_TASK INSTRUCTIONS_
Only lines containing the word "with" belong in the answer; copy each one from the records.

_RECORD EXCERPTS_
Lemma wf_unfold A : wf (TMu A) -> wf (tsubst0 (TMu A) A).
Proof. intros H; apply wf_tsubst; auto; apply H. Qed.

Lemma teqL_wf A B : teqL A B -> wf A /\ wf B.
Proof.
  induction 1; cbn [wf] in *; try tauto.
  - unfold top; cbn; tauto.
  - split; auto; apply wf_unfold; cbn; tauto.
Qed.

(** * Rank *)

(* ⊤-variants get rank 0, so that unfolding a non-⊤ [mu] lowers the rank. *)
Fixpoint rank (T : ty) : nat :=
  if is_top T then 0 else
  match T with
  | TArr A B => S (Nat.max (rank A) (rank B))
  | TMu A => S (rank A)
  | _ => 0
  end.

Lemma rank_ind (P : ty -> Prop) :
  (forall D, (forall D', rank D' < rank D -> P D') -> P D) -> forall D, P D.
Proof.
  intros H; apply (well_founded_induction (wf_inverse_image _ _ lt rank lt_wf)).
  exact H.
Qed.

Lemma rank_top T : is_top T = true -> rank T = 0.
Proof. intros H; destruct T; cbn [rank]; rewrite H; reflexivity. Qed.

Lemma rank_arr A B : is_top B = false -> rank (TArr A B) = S (Nat.max (rank A) (rank B)).
Proof. intros H; cbn [rank]; change (is_top (TArr A B)) with (is_top B); rewrite H; auto. Qed.

Lemma rank_arr_le A B : rank (TArr A B) <= S (Nat.max (rank A) (rank B)).
Proof. cbn [rank]; destruct (is_top (TArr A B)); lia. Qed.

Lemma rank_mu A : is_top (TMu A) = false -> rank (TMu A) = S (rank A).
Proof. intros H; cbn [rank]; rewrite H; reflexivity. Qed.

Lemma rank_mu_le A : rank (TMu A) <= S (rank A).
Proof. cbn [rank]; destruct (is_top (TMu A)); lia. Qed.

Lemma rank_tsubst D j N : proper j D -> rank (tsubst j N D) <= rank D.
Proof.
  revert j N; induction D; intros j N H.
  - assert (Hv : forall k, rank (TVar k) = 0) by (intros k; reflexivity).
    cbn [proper tsubst] in *; case_nat_tests; rewrite ?Hv; lia.
  - destruct (is_top D2) eqn:E.
    + rewrite rank_top; [lia|]; apply (is_top_tsubst (TArr D1 D2)); exact E.
    + rewrite rank_arr by exact E; cbn [proper] in H.
      destruct H as [[H1 H2]|H]; [|congruence].
      cbn [tsubst]; eapply Nat.le_trans; [apply rank_arr_le|].
      specialize (IHD1 j N H1); specialize (IHD2 j N H2); lia.
  - cbn [tsubst rank]; destruct (is_top _); lia.
  - destruct (is_top (TMu D)) eqn:E.
    + rewrite rank_top; [lia|]; apply is_top_tsubst; exact E.
    + rewrite rank_mu by exact E; cbn [proper] in H.
      destruct H as [H|H]; [|congruence].
      cbn [tsubst]; eapply Nat.le_trans; [apply rank_mu_le|].
      specialize (IHD (S j) (tshift 0 N) H); lia.
Qed.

_REPLY TO THE EXERCISE_
  match T with
Proof. intros H; cbn [rank]; change (is_top (TArr A B)) with (is_top B); rewrite H; auto. Qed.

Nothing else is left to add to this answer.